The later GCC versions correctly implement the standard.
The standard specifies that unqualified names in a template are non-dependent and must be looked up when the template is defined. The definition of a dependent base class is unknown at that time (specializations of the base class template may exist) so unqualified names are unable to be resolved.
This is true for both variable and function names declared in the base class.
As you have observed the solution is to provide the qualified name of the variable or function, or to provide a "using" declaration. E.g.
template<class T>
int Bar<T>::Perna(int u)
{
int c = Foo<T>::a * 4; // This works
c = this->a * 4; // and this
using Foo<T>::a;
c = a * 4; // and with 'using', so should this
}
(I'm actually not 100% sure about the correct syntax for the using version and can't test from here, but you get the idea).

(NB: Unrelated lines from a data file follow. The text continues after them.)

Definition euler_char n H c : int :=
  ((Posz (nVerts n H c)) - (Posz (nEdges n H c)) + (Posz (nFaces n H c)))%R.

(* Genus of the (connected closed orientable) boundary surface: chi = 2 - 2g. *)
Definition genus n H c : int := ((2 - euler_char n H c) %/ 2)%Z.

(* Attach every boundary cell to its lower corner.  The Euler characteristic
   becomes a sum over lattice points of a local term that only depends on which
   of the eight cubes around the point are filled.  At height z these cubes
   come from the levels z and z + 1, and the local term is affine in each
   occupancy bit, so the sum over the horizontal slice at height z only depends
   on the number of blocks and of adjacent pairs of blocks in the two levels
   and on their end slots.  With n = 2m, the slices of Q(n, k) contribute m at
   the bottom, -2m(m-1) between two sparse levels, 1 - m, 0 and 1 at the top,
   so chi = 2 - 4(k-2)m(m-1). *)

From HB Require Import structures.
From mathcomp Require Import all_boot all_order all_algebra.
From mathcomp Require Import zify ring.
Set Implicit Arguments. Unset Strict Implicit. Unset Printing Implicit Defensive.
Import Order.TTheory GRing.Theory Num.Theory.

Local Open Scope ring_scope.

Section Shape.
Variable g : pt -> bool.

Definition shape_face p d := g p != g (psub p (unitv d)).

Definition shape_edge q (d' : nat) :=
  [exists d : 'I_3, (val d != d') &&
     (shape_face q d || shape_face (psub q (unitv (3 - d - d'))) d)].

Definition shape_vertex q :=
  [exists d : 'I_3, [exists s : bool, [exists t : bool,
     shape_face (psub (psub q (bscale s (unitv (odir1 d))))
                      (bscale t (unitv (odir2 d)))) d]]].

Definition local_euler q : int :=
  Posz (shape_vertex q) - \sum_(d < 3) Posz (shape_edge q d)
  + \sum_(d < 3) Posz (shape_face q d).

End Shape.

Definition translate (g : pt -> bool) q p := g (padd p q).

Lemma padd_psub p v q : padd (psub p v) q = psub (padd p q) v.
Proof.
case: p => [[a b] e]; case: v => [[a' b'] e']; case: q => [[a'' b''] e''].
by rewrite /padd /psub /=; congr (_, _, _); ring.
Qed.

Lemma padd0l q : padd pzero q = q.
Proof. by case: q => [[a b] e]; rewrite /padd /= !add0r. Qed.

Lemma shape_face_translate g q p d :
  shape_face (translate g q) p d = shape_face g (padd p q) d.
Proof. by rewrite /shape_face /translate padd_psub. Qed.

Lemma shape_edge_translate g q p d :
  shape_edge (translate g q) p d = shape_edge g (padd p q) d.
Proof. by apply: eq_existsb => e; rewrite !shape_face_translate padd_psub. Qed.

Lemma shape_vertex_translate g q p :
  shape_vertex (translate g q) p = shape_vertex g (padd p q).
Proof.
apply: eq_existsb => d; apply: eq_existsb => s; apply: eq_existsb => t.
by rewrite shape_face_translate !padd_psub.
Qed.

Lemma local_euler_translate g q : local_euler g q = local_euler (translate g q) pzero.
Proof.
rewrite /local_euler shape_vertex_translate padd0l.
by congr (_ - _ + _); apply: eq_bigr => d _;
  rewrite ?shape_edge_translate ?shape_face_translate padd0l.
Qed.

Lemma exists_ord3 (P : 'I_3 -> bool) :
  [exists d, P d] = [|| P (@Ordinal 3 0 isT), P (@Ordinal 3 1 isT) | P (@Ordinal 3 2 isT)].
Proof.
apply/existsP/idP => [[[[|[|[|d]]] lt_d3]] Pd //|].
- by rewrite (bool_irrelevance lt_d3 isT) in Pd; rewrite Pd.
- by rewrite (bool_irrelevance lt_d3 isT) in Pd; rewrite Pd orbT.
- by rewrite (bool_irrelevance lt_d3 isT) in Pd; rewrite Pd !orbT.
by case/or3P => Pd; eexists; exact: Pd.
Qed.

Lemma exists_bool (P : bool -> bool) : [exists s, P s] = P true || P false.
Proof. by apply/existsP/orP => [[[]] Ps|[] Ps]; [left|right|exists true|exists false]. Qed.

Lemma sum_ord3 (F : 'I_3 -> int) :
  \sum_(d < 3) F d = F (@Ordinal 3 0 isT) + F (@Ordinal 3 1 isT) + F (@Ordinal 3 2 isT).
Proof.
rewrite !big_ord_recr big_ord0 /= add0r.
by congr (_ + _ + _); congr F; exact: val_inj.
Qed.

(* [local_euler] with its bounded quantifiers and sums written out, so that it
   reduces by computation once [g] is a concrete function. *)
Definition local_euler_expanded g q : int :=
  let face s t d := shape_face g (psub (psub q (bscale s (unitv (odir1 d))))
                                       (bscale t (unitv (odir2 d)))) d in
  let vert d := [|| face true true d, face true false d, face false true d | face false false d] in
  let edge_side d' d :=
    (d != d') && (shape_face g q d || shape_face g (psub q (unitv (3 - d - d'))) d) in
  let edge d' := [|| edge_side d' 0%N, edge_side d' 1%N | edge_side d' 2%N] in
  Posz [|| vert 0%N, vert 1%N | vert 2%N]
  - (Posz (edge 0%N) + Posz (edge 1%N) + Posz (edge 2%N))
  + (Posz (shape_face g q 0) + Posz (shape_face g q 1) + Posz (shape_face g q 2)).

Lemma local_euler_expand g q : local_euler g q = local_euler_expanded g q.
Proof.
rewrite /local_euler /local_euler_expanded !sum_ord3 /shape_vertex /shape_edge.
by rewrite !exists_ord3 !exists_bool !orbA.
Qed.

Definition octant_corner (s t u : bool) : pt :=
  ((if s then -1 else 0), (if t then -1 else 0), (if u then -1 else 0)).

(* [h s t u] is the occupancy of the unit cube with lower corner
   [octant_corner s t u], one of the eight cubes incident to the origin. *)
Definition corner_euler (h : bool -> bool -> bool -> bool) : int :=
  local_euler_expanded (fun p => h (p.1.1 == -1) (p.1.2 == -1) (p.2 == -1)) pzero.

Lemma local_euler_origin g :
  local_euler g pzero = corner_euler (fun s t u => g (octant_corner s t u)).
Proof. by rewrite local_euler_expand. Qed.

Lemma eq_corner_euler h1 h2 :
  (forall s t u, h1 s t u = h2 s t u) -> corner_euler h1 = corner_euler h2.
Proof. by move=> eq_h; rewrite /corner_euler /local_euler_expanded /shape_face /= !eq_h. Qed.

(* Occupancy of the unit cube [X-1,X]x[Y-1,Y]x[Z-1,Z], indexed like slots and levels from 1. *)
Definition cell n H (c : config) X Y Z :=
  [&& 0 < X <= n, 0 < Y <= n, 0 < Z <= H & if odd Z then c Z Y else c Z X]%N.

Lemma cube_filled_cell n H c X Y Z :
  cube_filled n H c (Posz X - 1, Posz Y - 1, Posz Z - 1) = cell n H c X Y Z.
Proof.
have succ_sub1 (i : nat) : Posz i.+1 - 1 = Posz i by rewrite -addn1 PoszD addrK.
rewrite /cube_filled /cell.
case: X => [|X]; first by [].
case: Y => [|Y]; first by rewrite /= ?andbF.
case: Z => [|Z]; first by rewrite /= ?andbF.
by rewrite !succ_sub1 /= !ltz_nat.
Qed.

Lemma local_euler_cube_filled n H c x y z :
  local_euler (cube_filled n H c) (Posz x, Posz y, Posz z) =
  corner_euler (fun s t u => cell n H c (x + ~~ s) (y + ~~ t) (z + ~~ u)).
Proof.
have corner_shift (s : bool) i : (if s then -1 else 0) + Posz i = Posz (i + ~~ s) - 1.
  by case: s; rewrite /= ?addn0 ?addn1; lia.
rewrite local_euler_translate local_euler_origin; apply: eq_corner_euler => s t u.
by rewrite /translate /octant_corner /padd !corner_shift -cube_filled_cell.
Qed.

Lemma card_set_sum (T : finType) (P : pred T) : #|[set x | P x]| = (\sum_x P x)%N.
Proof. by rewrite -sum1_card big_mkcond /=; apply: eq_bigr => x _; rewrite inE; case: (P x). Qed.

Lemma Posz_sum (I : finType) (F : I -> nat) : Posz (\sum_i F i) = \sum_i Posz (F i).
Proof. exact: (big_morph Posz PoszD (erefl _)). Qed.

Definition slice_euler n H c (z : nat) : int :=
  \sum_(x < n.+1) \sum_(y < n.+1) local_euler (cube_filled n H c) (Posz x, Posz y, Posz z).

Lemma euler_char_slices n H c : euler_char n H c = \sum_(z < H.+1) slice_euler n H c z.
Proof.
have -> : \sum_(z < H.+1) slice_euler n H c z =
          \sum_(b : box n H) local_euler (cube_filled n H c) (ptOf b).
  rewrite /slice_euler exchange_big /=.
  under eq_bigr do rewrite exchange_big.
  by rewrite pair_bigA pair_bigA.
rewrite /euler_char /nVerts /nEdges /nFaces !card_set_sum !Posz_sum.
rewrite -(pair_bigA _ (fun (b : box n H) (d : 'I_3) => Posz (bedge n H c (ptOf b) d))).
rewrite -(pair_bigA _ (fun (b : box n H) (d : 'I_3) => Posz (bface n H c (ptOf b) d))).
by rewrite /local_euler big_split /= sumrB.
Qed.

Definition nblocks n (P : nat -> bool) : int := \sum_(v < n) Posz (P v.+1).
Definition nadjacent n (P : nat -> bool) : int := \sum_(v < n.-1) Posz (P v.+1 && P v.+2).

(* Position v of a row of n slots sees the slots v and v + 1.  The inner
   positions are summed using that F is affine in each slot bit, so only the
   number s of occupied slots and w of adjacent occupied pairs matter. *)
Definition row_sum (F : bool -> bool -> bool -> bool -> int) n (s w : int) (p1 pn : bool) :=
  F false true false p1 + F true false pn false + (Posz n - 1) * F true true false false
  + (s - Posz pn) * (F true true true false - F true true false false)
  + (s - Posz p1) * (F true true false true - F true true false false)
  + w * (F true true true true - F true true true false - F true true false true
         + F true true false false).

Lemma sum_row F n (P : nat -> bool) : (0 < n)%N -> P 0%N = false -> P n.+1 = false ->
  \sum_(v < n.+1) F (0 < v <= n)%N (v < n)%N (P v) (P v.+1) =
  row_sum F n (nblocks n P) (nadjacent n P) (P 1%N) (P n).
Proof.
case: n => [//|n] _ P0 Pn.
have affine a b : F true true a b = F true true false false
   + Posz a * (F true true true false - F true true false false)
   + Posz b * (F true true false true - F true true false false)
   + Posz (a && b) * (F true true true true - F true true true false
                      - F true true false true + F true true false false).
  by case: a; case: b => /=; ring.
have shifted : \sum_(i < n) Posz (P i.+2) =
                \sum_(i < n) Posz (P i.+1) + Posz (P n.+1) - Posz (P 1%N).
  have two_ways : Posz (P 1%N) + \sum_(i < n) Posz (P i.+2) =
                  \sum_(i < n) Posz (P i.+1) + Posz (P n.+1).
    exact: etrans (esym (big_ord_recl _ (fun v : 'I_n.+1 => Posz (P v.+1))))
                  (big_ord_recr _ (fun v : 'I_n.+1 => Posz (P v.+1))).
  by rewrite -two_ways; ring.
rewrite big_ord_recl big_ord_recr /= P0 Pn ltnn.
rewrite (eq_bigr (fun i : 'I_n => F true true (P i.+1) (P i.+2))); last first.
  by move=> i _; rewrite /bump /= add1n !ltnS ltn_ord (ltnW (ltn_ord i)).
under eq_bigr do rewrite affine.
rewrite !big_split /= sumr_const card_ord -!mulr_suml shifted.
rewrite /row_sum /nblocks /nadjacent /bump /=.
rewrite [in RHS]big_ord_recr /= add1n leqnn -mulr_natr natz.
have -> : Posz n.+1 = Posz n + 1 by rewrite -addn1 PoszD.
ring.
Qed.

Definition slice G n (sP wP : int) (p1 pn : bool) (sQ wQ : int) (q1 qn : bool) :=
  row_sum (fun a b c d => row_sum (G a b c d) n sQ wQ q1 qn) n sP wP p1 pn.

Lemma sum_slice G n (P Q : nat -> bool) : (0 < n)%N ->
  P 0%N = false -> P n.+1 = false -> Q 0%N = false -> Q n.+1 = false ->
  \sum_(x < n.+1) \sum_(y < n.+1)
     G (0 < x <= n)%N (x < n)%N (P x) (P x.+1) (0 < y <= n)%N (y < n)%N (Q y) (Q y.+1) =
  slice G n (nblocks n P) (nadjacent n P) (P 1%N) (P n)
            (nblocks n Q) (nadjacent n Q) (Q 1%N) (Q n).
Proof.
move=> n_gt0 P0 Pn Q0 Qn.
under eq_bigr do rewrite (sum_row (G _ _ _ _) n_gt0 Q0 Qn).
exact: (sum_row (fun a b c d => row_sum (G a b c d) _ _ _ _ _) n_gt0 P0 Pn).
Qed.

The error message that GCC gives shows that your version of GCC still had a bug that is only resolved in GCC4.7 trunk versions. Older versions, including GCC4.1 will happily accept following code
template<typename T>
struct A {
void f(int) { }
};
template<typename T>
struct B : A<T> {
void g() { T t = 0; f(t); }
};
int main() {
B<int> b; b.g();
}
GCC will look up f
in f(t)
within the base class A<T>
and will find the declaration in the base class. GCC does that because f
is dependent, because there are arguments to f
that "depend on a template parameter" (look at its error message it gave you!). But the Standard forbids GCC to do that for two reasons
The Standard says that use of unqualified names will never find a declaration in a dependent base class no matter whether the name is dependent.
The Standard says that dependent lookup of a function name at instantiation time will only do ADL.
GCC 4.7 implements the Standard correctly in that regard.